Para mudar o rumo da conversa, comentei como o trabalho dele extrapolara as paredes da academia, particularmente a sua invenção do Jogo da Vida, que deu origem a inúmeros artigos e programas de computador. É ideal para ser jogado (a sós) no computador, mas no início brincávamos numa folha de papel mesmo. Divulgado por Martin Gardner na revista Scientific American em 1970, fez de Conway uma celebridade, mais do que ele gostaria. Escreverei sobre esse jogo na semana que vem.

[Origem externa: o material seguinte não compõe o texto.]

(* The sequence $\rho_d$ satisfies $\min_{d\geqslant2}\rho_d>0$, and there is a numerical constant $C>0$ such that $\frac1{C(d+2)^2}\leqslant1-\rho_d$ for all $d\geqslant2$.
   Context: Let $g(\theta)=\cos^{-1}\!\big(\frac{(\pi-\theta)\cos\theta+\sin\theta}{\pi}\big)$, $\breve\theta_0=\pi$, $\breve\theta_i=g(\breve\theta_{i-1})$ for $i\geqslant1$, and $\rho_d:=\frac{2\sin\breve\theta_d}{\pi}+\frac{\pi-2\breve\theta_d}{\pi}\sum_{i=0}^{d-1}\frac{\sin\breve\theta_i}{\pi}\prod_{j=i+1}^{d-1}\frac{\pi-\breve\theta_j}{\pi}$. *)

From Stdlib Require Import Reals List.
Open Scope R_scope.

Definition g (t : R) : R := acos (((PI - t) * cos t + sin t) / PI).

Fixpoint theta (i : nat) : R :=
  match i with
  | O => PI
  | S k => g (theta k)
  end.

Definition sumR (a b : nat) (f : nat -> R) : R :=
  fold_right Rplus 0 (map f (seq a (b - a))).

Definition prodR (a b : nat) (f : nat -> R) : R :=
  fold_right Rmult 1 (map f (seq a (b - a))).

Definition rho (d : nat) : R :=
  2 * sin (theta d) / PI
  + (PI - 2 * theta d) / PI *
    sumR 0 d (fun i => sin (theta i) / PI *
                       prodR (S i) d (fun j => (PI - theta j) / PI)).

From Stdlib Require Import Reals Lra Lia List.
From Coquelicot Require Import Coquelicot.
Open Scope R_scope.

(* Writing kappa t = ((PI - t) cos t + sin t) / PI, we have cos theta_(d+1) = kappa theta_d,
   and the sum S_d in rho_d satisfies S_(d+1) = S_d (PI - theta_d) / PI + sin theta_d / PI,
   the same recursion, so S_d = cos theta_d for d >= 1.
   Hence rho_d = phi theta_d with phi t = (2 sin t + (PI - 2t) cos t) / PI, which
   decreases on [0, PI/2].  Since sin t >= t cos t, kappa >= cos and theta_d decreases
   from theta_1 = PI/2: rho_d increases, and rho_d >= phi (PI/2) = 2/PI.  Taylor bounds
   give kappa (1/n) <= cos (1/(n+1)), whence theta_d >= 1/(d+2) by induction, and
   1 - phi t >= t^2/20 on [0, 3/2], which contains every theta_d with d >= 2. *)

Lemma PI_ge_3 : 3 <= PI.
Proof. pose proof PI2_3_2. lra. Qed.

Lemma cos_approx_4 a : cos_approx a 4 = 1 - a^2/2 + a^4/24 - a^6/720 + a^8/40320.
Proof.
  unfold cos_approx, cos_term. cbn [sum_f_R0 Nat.mul Nat.add].
  rewrite !fact_simpl, !mult_INR. simpl INR. field.
Qed.

Lemma cos_approx_3 a : cos_approx a 3 = 1 - a^2/2 + a^4/24 - a^6/720.
Proof.
  unfold cos_approx, cos_term. cbn [sum_f_R0 Nat.mul Nat.add].
  rewrite !fact_simpl, !mult_INR. simpl INR. field.
Qed.

Lemma sin_approx_4 a : sin_approx a 4 = a - a^3/6 + a^5/120 - a^7/5040 + a^9/362880.
Proof.
  unfold sin_approx, sin_term. cbn [sum_f_R0 Nat.mul Nat.add].
  rewrite !fact_simpl, !mult_INR. simpl INR. field.
Qed.

Lemma cos_le_taylor4 x : 0 <= x <= PI/2 -> cos x <= 1 - x^2/2 + x^4/24.
Proof.
  intros Hx. pose proof PI_4.
  destruct (COS x) as [_ Hub]; try lra.
  unfold cos_ub in Hub. rewrite cos_approx_4 in Hub.
  assert (x^2 <= 4) by nra. assert (0 <= x^6) by (apply pow_le; lra).
  assert (x^6 * (x^2 - 56) <= 0) by nra.
  nra.
Qed.

Lemma cos_ge_taylor6 x : 0 <= x <= PI/2 -> 1 - x^2/2 + x^4/24 - x^6/720 <= cos x.
Proof.
  intros Hx. destruct (COS x) as [Hlb _]; try lra.
  unfold cos_lb in Hlb. rewrite cos_approx_3 in Hlb. lra.
Qed.

Lemma sin_le_taylor5 x : 0 <= x <= PI -> sin x <= x - x^3/6 + x^5/120.
Proof.
  intros Hx. pose proof PI_4.
  destruct (SIN x) as [_ Hub]; try lra.
  unfold sin_ub in Hub. rewrite sin_approx_4 in Hub.
  assert (x^2 <= 16) by nra. assert (0 <= x^7) by (apply pow_le; lra).
  assert (x^7 * (x^2 - 72) <= 0) by nra.
  nra.
Qed.

Lemma nondecreasing_of_derive_nonneg (f f' : R -> R) a b :
  (forall c, a <= c <= b -> derivable_pt_lim f c (f' c)) ->
  (forall c, a < c < b -> 0 <= f' c) ->
  forall x y, a <= x -> x <= y -> y <= b -> f x <= f y.
Proof.
  intros Hd Hpos x y Hx Hxy Hy.
  destruct (Req_dec x y) as [->|Hne]; [lra|].
  destruct (MVT_cor2 f f' x y) as [c [Heq Hc]]; [lra | intros; apply Hd; lra |].
  assert (0 <= f' c) by (apply Hpos; lra).
  nra.
Qed.

Lemma sin_gt_0_open t : 0 < t < PI -> 0 < sin t.
Proof. intros. apply sin_gt_0; lra. Qed.

Lemma mul_cos_le_sin t : 0 <= t <= PI -> t * cos t <= sin t.
Proof.
  intros Ht.
  assert (sin 0 - 0 * cos 0 <= sin t - t * cos t); [|rewrite sin_0 in *; lra].
  apply (nondecreasing_of_derive_nonneg
           (fun t => sin t - t * cos t) (fun t => t * sin t) 0 PI); try lra.
  - intros c _. apply is_derive_Reals. auto_derive; auto. ring.
  - intros c Hc. pose proof (sin_gt_0_open c Hc). nra.
Qed.

Definition kappa (t : R) : R := ((PI - t) * cos t + sin t) / PI.

Definition phi (t : R) : R := 2 * sin t / PI + (PI - 2 * t) / PI * cos t.

Lemma kappa_antimono x y : 0 <= x -> x <= y -> y <= PI -> kappa y <= kappa x.
Proof.
  intros. pose proof PI_RGT_0.
  enough (- kappa x <= - kappa y) by lra.
  apply (nondecreasing_of_derive_nonneg
           (fun t => - kappa t) (fun t => (PI - t) * sin t / PI) 0 PI); auto.
  - intros c _. apply is_derive_Reals. unfold kappa. auto_derive; auto. field. lra.
  - intros c Hc. pose proof (sin_gt_0_open c Hc).
    apply Rdiv_le_0_compat; nra.
Qed.

Lemma phi_antimono x y : 0 <= x -> x <= y -> y <= PI/2 -> phi y <= phi x.
Proof.
  intros. pose proof PI_RGT_0.
  enough (- phi x <= - phi y) by lra.
  apply (nondecreasing_of_derive_nonneg
           (fun t => - phi t) (fun t => (PI - 2 * t) * sin t / PI) 0 (PI/2)); auto.
  - intros c _. apply is_derive_Reals. unfold phi. auto_derive; auto. field. lra.
  - intros c Hc. assert (0 < sin c) by (apply sin_gt_0_open; lra).
    apply Rdiv_le_0_compat; nra.
Qed.

Lemma phi_PI2 : phi (PI/2) = 2 / PI.
Proof. unfold phi. rewrite sin_PI2, cos_PI2. field. apply PI_neq0. Qed.

Lemma kappa_0 : kappa 0 = 1.
Proof. unfold kappa. rewrite cos_0, sin_0. field. apply PI_neq0. Qed.

Lemma kappa_PI : kappa PI = 0.
Proof. unfold kappa. rewrite sin_PI. field. apply PI_neq0. Qed.

Lemma kappa_bounds t : 0 <= t <= PI -> 0 <= kappa t <= 1.
Proof.
  intros. pose proof PI_RGT_0. split.
  - rewrite <- kappa_PI. apply kappa_antimono; lra.
  - rewrite <- kappa_0. apply kappa_antimono; lra.
Qed.

Lemma cos_le_kappa t : 0 <= t <= PI -> cos t <= kappa t.
Proof.
  intros Ht. pose proof PI_RGT_0. pose proof (mul_cos_le_sin t Ht).
  assert (kappa t - cos t = (sin t - t * cos t) / PI) by (unfold kappa; field; lra).
  assert (0 <= (sin t - t * cos t) / PI) by (apply Rdiv_le_0_compat; lra).
  lra.
Qed.

Lemma theta_bounds d : 0 <= theta d <= PI.
Proof. destruct d; [simpl; pose proof PI_RGT_0; lra | apply acos_bound]. Qed.

Lemma cos_theta_S d : cos (theta (S d)) = kappa (theta d).
Proof. apply cos_acos. pose proof (kappa_bounds _ (theta_bounds d)). lra. Qed.

Lemma theta_S_le d : theta (S d) <= theta d.
Proof.
  pose proof (theta_bounds d). pose proof (theta_bounds (S d)).
  apply cos_decr_0; try lra.
  rewrite cos_theta_S. apply cos_le_kappa. lra.
Qed.

Lemma theta_antimono d m : (d <= m)%nat -> theta m <= theta d.
Proof. induction 1; [lra|]. pose proof (theta_S_le m). lra. Qed.

Lemma theta_1 : theta 1 = PI/2.
Proof. change (acos (kappa PI) = PI/2). rewrite kappa_PI. apply acos_0. Qed.

Lemma theta_le_PI2 d : (1 <= d)%nat -> theta d <= PI/2.
Proof. intros. rewrite <- theta_1. apply theta_antimono. lia. Qed.

Lemma theta_2_le : theta 2 <= 3/2.
Proof.
  pose proof PI2_3_2. pose proof PI_4. pose proof (theta_bounds 2).
  apply cos_decr_0; try lra.
  rewrite cos_theta_S, theta_1. unfold kappa. rewrite cos_PI2, sin_PI2.
  replace (((PI - PI/2) * 0 + 1) / PI) with (/ PI) by (field; lra).
  assert (/ 4 <= / PI) by (apply Rinv_le_contravar; lra).
  pose proof (cos_le_taylor4 (3/2)). lra.
Qed.

Lemma seq_snoc a b : (a <= b)%nat -> seq a (S b - a) = seq a (b - a) ++ b :: nil.
Proof.
  intros. replace (S b - a)%nat with (S (b - a)) by lia.
  rewrite seq_S. do 3 f_equal. lia.
Qed.

Lemma sumR_S a b f : (a <= b)%nat -> sumR a (S b) f = sumR a b f + f b.
Proof.
  intros. unfold sumR. rewrite seq_snoc, map_app, fold_right_app by lia. simpl.
  induction (map f (seq a (b - a))) as [|x l IH]; simpl; lra.
Qed.

Lemma prodR_S a b f : (a <= b)%nat -> prodR a (S b) f = prodR a b f * f b.
Proof.
  intros. unfold prodR. rewrite seq_snoc, map_app, fold_right_app by lia. simpl.
  induction (map f (seq a (b - a))) as [|x l IH]; simpl; [ring | rewrite IH; ring].
Qed.

Lemma prodR_empty a f : prodR a a f = 1.
Proof. unfold prodR. rewrite Nat.sub_diag. reflexivity. Qed.

Lemma sumR_ext a b f f' :
  (forall i, (a <= i < b)%nat -> f i = f' i) -> sumR a b f = sumR a b f'.
Proof.
  intros Hf. unfold sumR. f_equal. apply map_ext_in.
  intros i Hi. apply in_seq in Hi. apply Hf. lia.
Qed.

Lemma sumR_mult_r a b f c : sumR a b (fun i => f i * c) = sumR a b f * c.
Proof. unfold sumR. induction (seq a (b - a)) as [|x l IH]; simpl; lra. Qed.

Lemma sumR_prodR_S (u v : nat -> R) d :
  sumR 0 (S d) (fun i => u i * prodR (S i) (S d) v)
  = sumR 0 d (fun i => u i * prodR (S i) d v) * v d + u d.
Proof.
  rewrite sumR_S, prodR_empty, Rmult_1_r, <- sumR_mult_r by lia. f_equal.
  apply sumR_ext. intros i Hi. rewrite prodR_S by lia. ring.
Qed.

Lemma theta_sum_eq_cos d : (1 <= d)%nat ->
  sumR 0 d (fun i => sin (theta i) / PI * prodR (S i) d (fun j => (PI - theta j) / PI))
  = cos (theta d).
Proof.
  pose proof PI_RGT_0.
  induction 1 as [|d Hd IH]; rewrite sumR_prodR_S.
  - change (sumR 0 0 _) with 0. change (theta 0) with PI.
    rewrite theta_1, sin_PI, cos_PI2. field. lra.
  - rewrite IH, cos_theta_S. unfold kappa. field. lra.
Qed.

Lemma rho_eq_phi d : (1 <= d)%nat -> rho d = phi (theta d).
Proof. intros. unfold rho. rewrite theta_sum_eq_cos by assumption. reflexivity. Qed.

Lemma rho_mono d m : (1 <= d <= m)%nat -> rho d <= rho m.
Proof.
  intros. rewrite !rho_eq_phi by lia.
  pose proof (theta_antimono d m ltac:(lia)). pose proof (theta_bounds m).
  pose proof (theta_le_PI2 d ltac:(lia)).
  apply phi_antimono; lra.
Qed.

Lemma rho_ge_2_div_PI d : (1 <= d)%nat -> 2 / PI <= rho d.
Proof.
  intros. rewrite rho_eq_phi, <- phi_PI2 by assumption.
  pose proof (theta_bounds d). pose proof (theta_le_PI2 d H).
  apply phi_antimono; lra.
Qed.

(* y = x / (1 + x) encodes 1/(n+1) in terms of x = 1/n. *)
Lemma kappa_le_cos_poly p x y : 3 <= p <= 4 -> 0 < x <= 1/2 -> y * (1 + x) = x -> 0 < y ->
  (p - x) * (1 - x^2/2 + x^4/24) + (x - x^3/6 + x^5/120)
  <= p * (1 - y^2/2 + y^4/24 - y^6/720).
Proof.
  intros Hp Hx Hy Hy0.
  assert (y < x) by nra.
  assert (Hdiff : (x^2 - y^2) * (1 + x)^2 = x^3 * (2 + x)).
  { assert (y = x / (1 + x)) by (field_simplify_eq; lra). subst y. field. lra. }
  assert (Hgap : x^2 - y^2 >= x^3 * 10/9).
  { assert (8 - 11*x - 10*x^2 >= 0) by nra.
    assert (0 < (1 + x)^2) by nra.
    apply Rle_ge, Rmult_le_reg_r with ((1 + x)^2); [nra|]. rewrite Hdiff. nra. }
  assert (y^6 <= x^4/4).
  { assert (y^6 <= x^6) by (apply pow_incr; lra). assert (x^2 <= 1/4) by nra. nra. }
  assert (0 < x^3) by (apply pow_lt; lra).
  assert (y^4 >= 0) by nra. assert (x^5 >= 0) by nra.
  assert (p * x^4 <= 2 * x^3) by nra.
  assert (p * (x^2 - y^2) >= p * (x^3 * 10/9)) by nra.
  assert (p * y^6 <= p * (x^4/4)) by nra.
  nra.
Qed.

Lemma kappa_inv_le_cos_inv n : 2 <= n -> kappa (1/n) <= cos (1/(n + 1)).
Proof.
  intros Hn. pose proof PI_ge_3. pose proof PI_4.
  set (x := 1/n). set (y := 1/(n + 1)).
  assert (0 < x <= 1/2).
  { unfold x. split; [apply Rdiv_lt_0_compat; lra|].
    apply Rmult_le_reg_r with n; [lra|]. field_simplify; lra. }
  assert (0 < y) by (apply Rdiv_lt_0_compat; lra).
  assert (y * (1 + x) = x) by (unfold x, y; field; lra).
  assert (y < x) by nra.
  pose proof (cos_le_taylor4 x ltac:(lra)). pose proof (sin_le_taylor5 x ltac:(lra)).
  pose proof (cos_ge_taylor6 y ltac:(lra)).
  pose proof (kappa_le_cos_poly PI x y ltac:(lra) ltac:(lra) ltac:(lra) ltac:(lra)).
  unfold kappa. apply Rmult_le_reg_r with PI; [lra|].
  unfold Rdiv at 1. rewrite Rmult_assoc, Rinv_l by lra. nra.
Qed.

Lemma theta_ge_inv d : 1 / (INR d + 2) <= theta d.
Proof.
  pose proof PI_ge_3.
  induction d as [|d IH]; [simpl; lra|].
  pose proof (pos_INR d). pose proof (theta_bounds d). pose proof (theta_bounds (S d)).
  rewrite S_INR.
  assert (0 <= 1 / (INR d + 1 + 2) <= PI).
  { split; [apply Rdiv_le_0_compat; lra|].
    apply Rle_trans with 1; [|lra]. apply Rmult_le_reg_r with (INR d + 1 + 2); [lra|].
    field_simplify; lra. }
  apply cos_decr_0; try lra.
  rewrite cos_theta_S.
  apply Rle_trans with (kappa (1 / (INR d + 2))).
  - apply kappa_antimono; try lra. apply Rdiv_le_0_compat; lra.
  - replace (INR d + 1 + 2) with (INR d + 2 + 1) by ring.
    apply kappa_inv_le_cos_inv. lra.
Qed.

Lemma one_sub_phi_poly t : 0 <= t <= 1.6 ->
  t^2/20 <= 1 - (1 - t^2/2 + t^4/24)
            - 2/3 * ((t - t^3/6 + t^5/120) - t * (1 - t^2/2 + t^4/24 - t^6/720)).
Proof.
  intros Ht.
  assert (0 <= 9/20 - 2*t/9 - t^2/24 + t^3/45 - t^5/1080).
  { assert (t^2 <= 2.56) by nra.
    assert (t^5 <= 10.5) by (assert (t^3 <= 4.1) by nra; nra).
    destruct (Rle_lt_dec t 1).
    - assert (t^2 <= 1) by nra. assert (0 <= t^3) by (apply pow_le; lra). lra.
    - assert (t^3 >= t^2) by nra. lra. }
  assert (0 <= t^2 * (9/20 - 2*t/9 - t^2/24 + t^3/45 - t^5/1080))
    by (apply Rmult_le_pos; nra).
  lra.
Qed.

Lemma one_sub_phi_ge t : 0 <= t <= 3/2 -> t^2/20 <= 1 - phi t.
Proof.
  intros Ht. pose proof PI_ge_3. pose proof PI_4. pose proof PI2_3_2.
  pose proof (cos_le_taylor4 t ltac:(lra)). pose proof (cos_ge_taylor6 t ltac:(lra)).
  pose proof (sin_le_taylor5 t ltac:(lra)). pose proof (mul_cos_le_sin t ltac:(lra)).
  pose proof (one_sub_phi_poly t ltac:(lra)).
  assert (1 - phi t = 1 - cos t - 2 / PI * (sin t - t * cos t)) by (unfold phi; field; lra).
  assert (2 / PI <= 2 / 3) by (apply Rmult_le_compat_l, Rinv_le_contravar; lra).
  nra.
Qed.

Lemma one_sub_rho_ge d : (2 <= d)%nat -> 1 / (20 * (INR d + 2) ^ 2) <= 1 - rho d.
Proof.
  intros Hd. rewrite rho_eq_phi by lia.
  pose proof (theta_antimono 2 d Hd). pose proof theta_2_le. pose proof (theta_bounds d).
  pose proof (theta_ge_inv d). pose proof (pos_INR d).
  assert (0 <= 1 / (INR d + 2)) by (apply Rdiv_le_0_compat; lra).
  replace (1 / (20 * (INR d + 2) ^ 2)) with ((1 / (INR d + 2)) ^ 2 / 20) by (field; lra).
  apply Rle_trans with (theta d ^ 2 / 20).
  - apply Rmult_le_compat_r; [lra|]. apply pow_incr. lra.
  - apply one_sub_phi_ge. lra.
Qed.

Theorem lemma22 :
  (exists d0 : nat, (2 <= d0)%nat /\ 0 < rho d0 /\
     forall d : nat, (2 <= d)%nat -> rho d0 <= rho d) /\
  (exists C : R, 0 < C /\
     forall d : nat, (2 <= d)%nat -> 1 / (C * (INR d + 2) ^ 2) <= 1 - rho d).
Proof.
  split.
  - exists 2%nat. split; [lia|]. split.
    + apply Rlt_le_trans with (2 / PI); [|apply rho_ge_2_div_PI; lia].
      apply Rdiv_lt_0_compat; [lra | apply PI_RGT_0].
    + intros d Hd. apply rho_mono. lia.
  - exists 20. split; [lra|]. exact one_sub_rho_ge.
Qed.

Fiz um bom trabalho em Lisboa e os alunos acompanhavam o meu curso com interesse. Mas não tinha como competir com Conway, que deu cinco maravilhosas aulas sobre simetria e o Teorema Mágico, outro tema para cuja popularização ele contribuiu muito, com seu talento invulgar de divulgador. Anos depois tentei trazê-lo ao Brasil para as Jornadas Nacionais de Iniciação Científica do Impa, mas a agenda dele não permitiu.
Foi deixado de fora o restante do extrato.